Suffering And Its Value

At first glance, the title seems to be a mistake. You mean there is value in suffering? How can? Singaporeans will ask. Well, the answer is: biblically, yes.  

Jesus Christ is the supreme example. This is the period of Lent – starting 18 February to 2 April, the eve of Good Friday. Jesus’ suffering in this time is emotionally, mentally, and physically acutely intense, to say the least. But the value of His suffering is of course our redemption and salvation—and that is of course of greatest value to our souls.


In our own lives, we may not be able to see the value of our own suffering during the time of trial. It may be years later before we could detect its value. At the time we are suffering, it may be emotionally difficult to realize the value, but we all know that the testing of our faith can produce good results (James 1:2-4; Rom 5:1-4; 2 Cor 12:7-10; 1 Pet 5:10; Heb 12:5-8). Likewise we believe, God will not allow us to be tempted beyond our ability (1 Cor 10:13) and there is a final resting place where no one will endure any pain (Heb 4:1). This knowledge may help us to consider some of the value of suffering.


We would have opportunity to learn things about ourselves we might not learn in any other way. Suffering may lead us to know more of who we are, what we stand for, and how committed we are to the Lord.

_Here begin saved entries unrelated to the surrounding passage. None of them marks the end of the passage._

Section AdaptedBasis.
Variables (R : realType) (n : nat) (U : {vspace 'cV[R]_n}) (PU : 'M[R]_n).
Hypothesis hPU : is_proj_matrix U PU.
Variables (r : nat) (w : nat -> 'cV[R]_n).
Hypothesis wU : forall i, (i < r)%N -> w i \in U.
Hypothesis w_orthonormal :
  forall i j, (i < r)%N -> (j < r)%N -> dotv (w i) (w j) = (i == j)%:R.

Local Notation Us := (resid_space U r w).
Local Notation d := (\dim Us).
Local Notation bs := (vbasis Us).

Definition onb_mx : 'M[R]_(n, r) := mx_of_cols (fun j : 'I_r => w j).
Definition resid_basis_mx : 'M[R]_(n, d) := mx_of_cols (fun j : 'I_d => bs`_j).

Definition adapted_mx : 'M[R]_(n, r + d) := row_mx onb_mx resid_basis_mx.

Lemma resid_basis_mem (j : 'I_d) : bs`_j \in Us.
Proof. by apply: vbasis_mem; rewrite mem_nth // size_tuple. Qed.

Lemma resid_basis_mx_mem (a : 'cV[R]_d) : resid_basis_mx *m a \in Us.
Proof. by rewrite mx_of_cols_mul rpred_sum // => j _; rewrite memvZ // resid_basis_mem. Qed.

Lemma proj_adapted_mx : PU *m adapted_mx = adapted_mx.
Proof.
rewrite /adapted_mx mul_mx_row !mulmx_cols; congr row_mx; apply: eq_mx_of_cols => j.
  by rewrite (proj_fix hPU) // wU.
rewrite (proj_fix hPU) //.
by have /(mem_resid_spaceP wU w_orthonormal) [] := resid_basis_mem j.
Qed.

Lemma adapted_mx_inj (a : 'cV[R]_(r + d)) : adapted_mx *m a = 0 -> a = 0.
Proof.
rewrite -[a]vsubmxK /adapted_mx mul_row_col.
set a1 := usubmx a; set a2 := dsubmx a => sum0.
have a1_0 : a1 = 0.
  apply/matrixP => i l; rewrite (ord1 l) [RHS]mxE.
  have := congr1 (dotv (w i)) sum0; rewrite dotvDr dotv0r.
  have /(mem_resid_spaceP wU w_orthonormal) [_ -> //] := resid_basis_mx_mem a2.
  rewrite addr0 /onb_mx mx_of_cols_mul (dotv_onb_sum w_orthonormal (fun j => a1 j 0) (ltn_ord i)).
  by move=> <-; congr (a1 _ 0); apply: val_inj.
move: sum0; rewrite a1_0 mulmx0 add0r /resid_basis_mx mx_of_cols_mul => sum0.
suff -> : a2 = 0 by rewrite col_mx0.
apply/matrixP => i l; rewrite (ord1 l) [RHS]mxE.
by move/freeP: (basis_free (vbasisP Us)) => /(_ (fun j => a2 j 0) sum0 i).
Qed.

Definition adapted_coord (x : 'cV[R]_n) : 'cV[R]_(r + d) :=
  col_mx (\col_(i < r) dotv (w i) x) (\col_(j < d) coord bs j (resid_mx r w *m x)).

Lemma adapted_coordK x : x \in U -> adapted_mx *m adapted_coord x = x.
Proof.
move=> xU; rewrite /adapted_mx /adapted_coord mul_row_col /onb_mx /resid_basis_mx.
rewrite !mx_of_cols_mul {3}(resid_decomp r w x); congr (_ + _).
  by apply: eq_bigr => i _; rewrite mxE.
rewrite {2}(coord_vbasis (resid_mem_space r w xU)).
by apply: eq_bigr => i _; rewrite mxE.
Qed.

Our suffering can teach us to trust in God, not ourselves. Paul and his co-workers suffered to such an extent; he said they "had the sentence of death;" but he went on to say, "that we should not trust in ourselves, but in God who raises the dead," (2 Cor 1:9). We need to learn that we humans are not able to control everything, or even cope with everything. It may be in time of trial, when we feel like we are sentenced to death, that we really learn to trust in God, not ourselves.


Our suffering may cause us to think about things we would not otherwise consider. It is one thing to study what the Bible says about persecution – but when you are persecuted, you may give greater consideration to the whole subject. It has now become personal.


Suffering always equips us to better sympathize with other sufferers, not during our own trial, but later.


And remember this: We not only suffer, we enjoy many blessings as well. Jesus’ suffering to the point of death gives us victory over death—it gives us life—and the power to overcome our earthly suffering.